Наконец, все въехали в ворота, а через них – ко входу. Два помощника сами и безо всяких разговоров спешились. Они стащили грубый льняник, и он с шумом упал на брусчатку перед донжоном. Подошли замковые слуги, которые принялись помогать с содержимым повозки: девятью мертвецами, завернутыми в южные расписные одеяла и потому сокрытыми от глаз. Мертвецов взвалили на плечи и медленно понесли по светлым коридорам, ибо ко дню обмена на крюки подвесили зажженные фонари, чтобы указать гостям путь сквозь старый мрак.

Аристократ двинулся следом, не переставая искать глазами хранителя карты.

Филипп же уже направлялся к месту назначения, уронив руку на перевязь с мечом. При переходе в другое крыло он снял с железного крюка горящий фонарь и пошел дальше уже с ним. На его худое старое лицо падал дрожащий свет. Перед дверьми в зал вереница из слуг и гостей встретилась с появившимся из другого коридора графом. Филипп и аристократ в шляпе посмотрели друг на друга, как готовые к решающей схватке непримиримые враги, затем вместе вошли внутрь. Там уже торжественно усаживался в резной трон Летэ, поправляя свои широкие рукава, открывающие полные белые руки.

Тела укладывали напротив трона, в ряд. Пока это происходило, Филипп глядел на замотанных в одеяла мертвецов, а на него самого пристально глядел Гаар. Точнее, глядел на его руку, лежащую у сердца, где должна быть карта. В зал внесли еще источники света, расставили на столы – чтобы угодить гостям, которые мало что видели.
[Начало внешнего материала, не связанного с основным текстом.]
(* Let $p\ge1$ be an integer and consider the hybrid system (2.2) associated with a consistent Runge–Kutta scheme of order $p$ for $\dot z=f(z)$ with continuous step bound $\varphi:\mathbb{R}^n\to(0,+\infty)$. Suppose: (i) there exist a Lyapunov function $V\in C^1(\mathbb{R}^n;\mathbb{R}^+)$ for $\dot z=f(z)$ and a continuous positive definite $\tilde W:\mathbb{R}^n\to\mathbb{R}^+$ such that $V(z(h,x))\le V(x)-h\tilde W(x)$ for all $x\in\mathbb{R}^n$ and $h\in[0,\varphi(x)]$; (ii) there exists $b\ge0$ with $|z(h,x)|\le\exp(b)|x|$ and $|x+hF(h,x)|\le\exp(b)|x|$ for all $x$ and $h\in[0,\varphi(x)]$; (iii) there is a continuous positive definite $C:\mathbb{R}^n\to\mathbb{R}^+$ with $|z(h,x)-x-hF(h,x)|\le C(x)h^{p+1}$ for all $x$ and $h\in[0,\varphi(x)]$, and a constant $\lambda\in(0,1)$ such that $$\varphi(x)\le\Big(\frac{(1-\lambda)\tilde W(x)}{l_V^b(x)C(x)}\Big)^{1/p}\quad\forall x\ne0,$$ where $l_V^b(x):=\max\{|\nabla V(z)|:|z|\le\exp(b)|x|\}$. Then $0\in\mathbb{R}^n$ is URGAS for (2.2). If moreover there exist $\sigma,K>0$ with $\tilde W(x)\ge2\sigma V(x)$ and $V(x)\ge K|x|^2$ for all $x$, then $0$ is robustly K-exponentially stable for (2.2).
   Context: Standing framework: $f$ locally Lipschitz with $f(0)=0$; $z(t,x)$ is the solution of $\dot z=f(z)$ with $z(0)=x$. A consistent $s$-stage Runge–Kutta scheme has coefficients $a_{ij},b_i$ with $\sum_ib_i=1$ and is represented by $F(h,x):=\sum_{i=1}^sb_if(Y_i)$ where $Y_i=x+h\sum_{j=1}^sa_{ij}f(Y_j)$; the continuous step bound $\varphi$ is assumed small enough that these equations have a unique solution for all $h\in[0,\varphi(x)]$ and that $|F(h,x)|\le|x|M(|x|)$ for some continuous nondecreasing $M$. The hybrid system (2.2): for each locally bounded $u:\mathbb{R}^+\to\mathbb{R}^+$ and $x_0$, $\tau_0=0$, $x(0)=x_0$, $h_i=\varphi(x(\tau_i))\exp(-u(\tau_i))$, $\tau_{i+1}=\tau_i+h_i$, $x(t)=x(\tau_i)+(t-\tau_i)F(h_i,x(\tau_i))$ on $[\tau_i,\tau_{i+1}]$; solution $x(t,x_0;u)$. URGAS: (a) for every $\varepsilon>0$ there is $\delta>0$ with $|x_0|<\delta\Rightarrow|x(t,x_0;u)|<\varepsilon$ for all $t\ge0$, all $u$; (b) for every $R$, $\sup\{|x(t,x_0;u)|:t\ge0,|x_0|\le R,u\}<\infty$; (c) for all $\varepsilon,R$ there is $T$ with $|x(t,x_0;u)|\le\varepsilon$ for $t\ge T$, $|x_0|\le R$, all locally bounded $u\ge0$. Robustly K-exponentially stable: there exist $a\in K_\infty$, $\sigma>0$ with $|x(t,x_0;u)|\le e^{-\sigma t}a(|x_0|)$ for all $t,x_0,u$. A Lyapunov function for $\dot z=f(z)$ is a positive definite, radially unbounded $C^1$ function $V$ with $\nabla V(x)f(x)<0$ for $x\ne0$. *)

From Stdlib Require Import Reals.
From mathcomp Require Import ssreflect ssrfun ssrbool eqtype ssrnat seq fintype bigop.
Set Implicit Arguments.
Unset Strict Implicit.
Open Scope R_scope.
Аристократ вышел вперед и сказал:

– Девятеро. Девятеро, как было обговорено.

– Я должен убедиться, что все они – старейшины, – глухо ответил глава.
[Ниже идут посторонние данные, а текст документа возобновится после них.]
Lemma trunc_hi_z2add k n x h : trunc k h = 0 ->
  trunc k (z2add x h) = trunc k x /\ hi k n (z2add x h) = (hi k n x + hi k n h) %% 2 ^ n.
Proof.
move=> h0; apply: trunc_hi_of_trunc; [exact: trunc_lt | by rewrite ltn_pmod ?expn_gt0 |].
by rewrite trunc_z2add !trunc_addn_hi h0 -addnA -mulnDr modn_lowDhigh // trunc_lt.
Qed.

Section TFunctions.
Variable f : Z2 -> Z2.
Hypothesis f_T : Tfun f.

Lemma fred_truncO n y : fred n f (truncO n y) = truncO n (f y).
Proof.
apply: truncO_eq; apply: f_T.
by rewrite /z2cong trunc_z2_of_nat truncO_val modn_small // trunc_lt.
Qed.

Lemma iter_fred_truncO n m y : iter m (fred n f) (truncO n y) = truncO n (iter m f y).
Proof. by elim: m => //= m ->; rewrite fred_truncO. Qed.

Lemma transitive_T_reach :
  (forall n a b, 0 < n -> exists m, trunc n (iter m f a) = trunc n b) -> transitive_T f.
Proof.
move=> reach n n0.
have conn r1 r2 : fconnect (fred n f) r1 r2.
  rewrite -(truncO_z2_of_nat _ r1) -(truncO_z2_of_nat _ r2).
  have [m /truncO_eq <-] := reach n (z2_of_nat r1) (z2_of_nat r2) n0.
  by rewrite -iter_fred_truncO; apply: fconnect_iter.
by split => //; apply: fconnect_total_inj.
Qed.

End TFunctions.

Section Fdef.
Variables (k : nat) (u : 'I_(2 ^ k) -> 'I_(2 ^ k)) (v : 'I_(2 ^ k) -> bool)
  (sigma eps : int).

Local Notation f := (fdef k u v sigma eps).

Definition incr (b : bool) : int := ((sigma - eps) * (b : nat)%:Z + eps)%R.

Definition incr_mod n b := trunc n (z2_of_int (incr b)).

Lemma trunc_fdef n y : trunc n (f y) =
  (u (truncO k y) + 2 ^ k * (hi k n y + incr_mod n (v (truncO k y)))) %% 2 ^ n.
Proof.
rewrite /fdef trunc_z2add trunc_z2_of_nat trunc_z2mul trunc_z2_of_nat trunc_z2add.
by rewrite modnDml modnDmr -modnDmr modnMml modnMmr modnDmr.
Qed.

Lemma trunc_hi_fdef n y :
  trunc k (f y) = u (truncO k y) /\
  hi k n (f y) = (hi k n y + incr_mod n (v (truncO k y))) %% 2 ^ n.
Proof.
apply: trunc_hi_of_trunc; [exact: ltn_ord | by rewrite ltn_pmod ?expn_gt0 |].
rewrite trunc_fdef modn_lowDhigh ?ltn_ord // (hi_mod _ _ (leq_addr k n)).
by rewrite /incr_mod (trunc_mod _ (leq_addr k n)) modnDm.
Qed.

Lemma truncO_fdef y : truncO k (f y) = u (truncO k y).
Proof. by apply: val_inj; rewrite /= (trunc_hi_fdef 0 y).1 modn_small. Qed.

Lemma hi_fdef n y : hi k n (f y) = (hi k n y + incr_mod n (v (truncO k y))) %% 2 ^ n.
Proof. exact: (trunc_hi_fdef n y).2. Qed.

Lemma truncO_iter_fdef m y : truncO k (iter m f y) = iter m u (truncO k y).
Proof. by elim: m => //= m IH; rewrite truncO_fdef IH. Qed.

Lemma hi_iter_fdef n m y : hi k n (iter m f y) =
  (hi k n y + \sum_(j < m) incr_mod n (v (iter j u (truncO k y)))) %% 2 ^ n.
Proof.
elim: m => [|m IH]; first by rewrite big_ord0 addn0 modn_small // hi_lt.
by rewrite iterS hi_fdef IH truncO_iter_fdef big_ord_recr modnDml addnA.
Qed.

Lemma fdef_Tfun : Tfun_word k u -> Tfun f.
Proof.
move=> u_T s a b; rewrite /z2cong => eq_ab.
have [le_sk|lt_ks] := leqP s k.
  rewrite (trunc_mod (f a) le_sk) (trunc_mod (f b) le_sk).
  rewrite (trunc_hi_fdef 0 a).1 (trunc_hi_fdef 0 b).1; apply: u_T => //.
  by rewrite !truncO_val -!trunc_mod.
move: eq_ab; rewrite -(subnK (ltnW lt_ks)) !trunc_addn_hi => eq_ab.
have [eq_lo eq_hi] := lowDhigh_inj (trunc_lt _ _) (trunc_lt _ _) eq_ab.
rewrite (trunc_hi_fdef 0 a).1 (trunc_hi_fdef 0 b).1 !hi_fdef (truncO_eq eq_lo).
by rewrite eq_hi.
Qed.

Lemma fdef_addr x h : trunc k h = 0 -> f (z2add x h) = z2add (f x) h.
Proof.
move=> h0; have eq_lo := truncO_eq (trunc_hi_z2add _ 0 x _ h0).1.
apply: (trunc_hi_inj k).
  by rewrite (trunc_hi_z2add _ 0 (f x) _ h0).1 !(trunc_hi_fdef 0 _).1 eq_lo.
move=> n; rewrite (trunc_hi_z2add _ n (f x) _ h0).2 !hi_fdef (trunc_hi_z2add _ n x _ h0).2.
by rewrite eq_lo !modnDml; congr (_ %% _); ring.
Qed.

End Fdef.

Section Transitivity.
Variables (k : nat) (u : 'I_(2 ^ k) -> 'I_(2 ^ k)) (v : 'I_(2 ^ k) -> bool)
  (sigma eps : int).
Hypothesis u_cycle : single_cycle u.
Hypothesis v_odd : odd #|[set z : 'I_(2 ^ k) | v z]|.
Hypothesis sigma_odd : ~~ (2 %| sigma)%Z.
Hypothesis eps_even : (2 %| eps)%Z.

Local Notation f := (fdef k u v sigma eps).
Local Notation incr_mod := (incr_mod sigma eps).

Lemma odd_incr_mod n b : 0 < n -> odd (incr_mod n b) = b.
Proof.
move=> n0; rewrite /incr_mod odd_trunc_z2_of_int // /incr.
by case: b; rewrite /= ?mulr1 ?subrK ?mulr0 ?add0r ?sigma_odd ?eps_even.
Qed.

Lemma odd_sum_incr_mod_cycle n z :
  0 < n -> odd (\sum_(j < 2 ^ k) incr_mod n (v (iter j u z))).
Proof.
move=> n0; rewrite -(big_mkord xpredT (fun j => incr_mod n (v (iter j u z)))).
rewrite -[X in \sum_(0 <= j < X) _](card_ord (2 ^ k)).
rewrite (big_iter_single_cycle u_cycle (fun t => incr_mod n (v t)) z).
rewrite (big_morph odd oddD (erefl (odd 0))).
under eq_bigr => t _ do rewrite odd_incr_mod //.
move: v_odd; rewrite -sum1_card big_mkcond (big_morph odd oddD (erefl (odd 0))).
by rewrite (eq_bigr v) // => t _; rewrite inE; case: (v t).
Qed.

Lemma iter_cycles_fdef n j y :
  truncO k (iter (j * 2 ^ k) f y) = truncO k y /\
  hi k n (iter (j * 2 ^ k) f y) =
    (hi k n y + j * \sum_(i < 2 ^ k) incr_mod n (v (iter i u (truncO k y)))) %% 2 ^ n.
Proof.
elim: j => [|j [IHlo IHhi]]; first by rewrite addn0 modn_small // hi_lt.
have u_period : iter (2 ^ k) u (truncO k y) = truncO k y.
  by have := iter_card_single_cycle u_cycle (truncO k y); rewrite card_ord.
rewrite mulSn iterD truncO_iter_fdef hi_iter_fdef IHlo u_period; split => //.
by rewrite IHhi modnDml -addnA mulSn [_ + j * _]addnC.
Qed.

(* First move the low part to that of b along the cycle of u, then run
   whole cycles, each adding the odd sum D to the high part. *)
Lemma fdef_reach n a b : 0 < n -> exists m, trunc n (iter m f a) = trunc n b.
Proof.
move=> n0.
set m1 := findex u (truncO k a) (truncO k b).
have lo_eq := iter_findex (u_cycle.2 (truncO k a) (truncO k b)).
set a' := iter m1 f a.
have lo'_eq : truncO k a' = truncO k b by rewrite truncO_iter_fdef lo_eq.
have oddD := odd_sum_incr_mod_cycle n (truncO k b) n0.
have [j hi_eq] := exists_odd_mul_eqmod n _ (hi k n a') (hi k n b) oddD.
have [lo_j hi_j] := iter_cycles_fdef n j a'.
exists (j * 2 ^ k + m1); rewrite iterD -/a'.
rewrite (trunc_mod _ (leq_addr k n)) (trunc_mod b (leq_addr k n)) !trunc_addn_hi.
by rewrite hi_j lo'_eq hi_eq (modn_small (hi_lt _ _ _)) -!truncO_val lo_j lo'_eq.
Qed.

End Transitivity.

Theorem mainTheorem3 (k : nat) (u : 'I_(2 ^ k) -> 'I_(2 ^ k))
    (v : 'I_(2 ^ k) -> bool) (sigma eps : int) :
  0 < k ->
  Tfun_word k u ->
  single_cycle u ->
  odd #|[set z : 'I_(2 ^ k) | v z]| ->
  ~~ (2 %| sigma)%Z ->
  (2 %| eps)%Z ->
  let f := fdef k u v sigma eps in
  [/\ Tfun f, transitive_T f,
      (forall x h : Z2, trunc k h = 0 -> f (z2add x h) = z2add (f x) h),
      unif_diff_with 2 f (fun _ => z2one) k &
      exists K, is_N 2 f K /\ K <= k].
Proof.
move=> _ u_T u_cycle v_odd sigma_odd eps_even f.
have f_T : Tfun f by exact: fdef_Tfun.
have f_addr x h : trunc k h = 0 -> f (z2add x h) = z2add (f x) h by exact: fdef_addr.
have f_diff : unif_diff_with 2 f (fun _ => z2one) k.
  by move=> x h n _ h0; rewrite f_addr // /z2cong !trunc_z2add trunc_z2mul1.
split => //.
- exact/transitive_T_reach/fdef_reach.
- have : exists f', unif_diff_with 2 f f' k by exists (fun _ => z2one).
  case/(exists_least_le (fun K => exists f', unif_diff_with 2 f f' K)) => K [? ? ?].
  by exists K.
Qed.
– Снимите! – приказал Гаар своим людям.

Помощники склонились сначала над одним, высвобождая его от спутывающих тело, как кокон, многослойных одеял. Все увидели смуглого красивого юношу, с красным оттенком кожи и длинными, до плеч, кудрями. Он был мертв, а у его губ лежала белая засохшая пена. После приказа один из замковых старших слуг подошел, опустился перед ним на колени и припал к запястью. Затем оторвался и кивнул – кровь принадлежала бессмертному.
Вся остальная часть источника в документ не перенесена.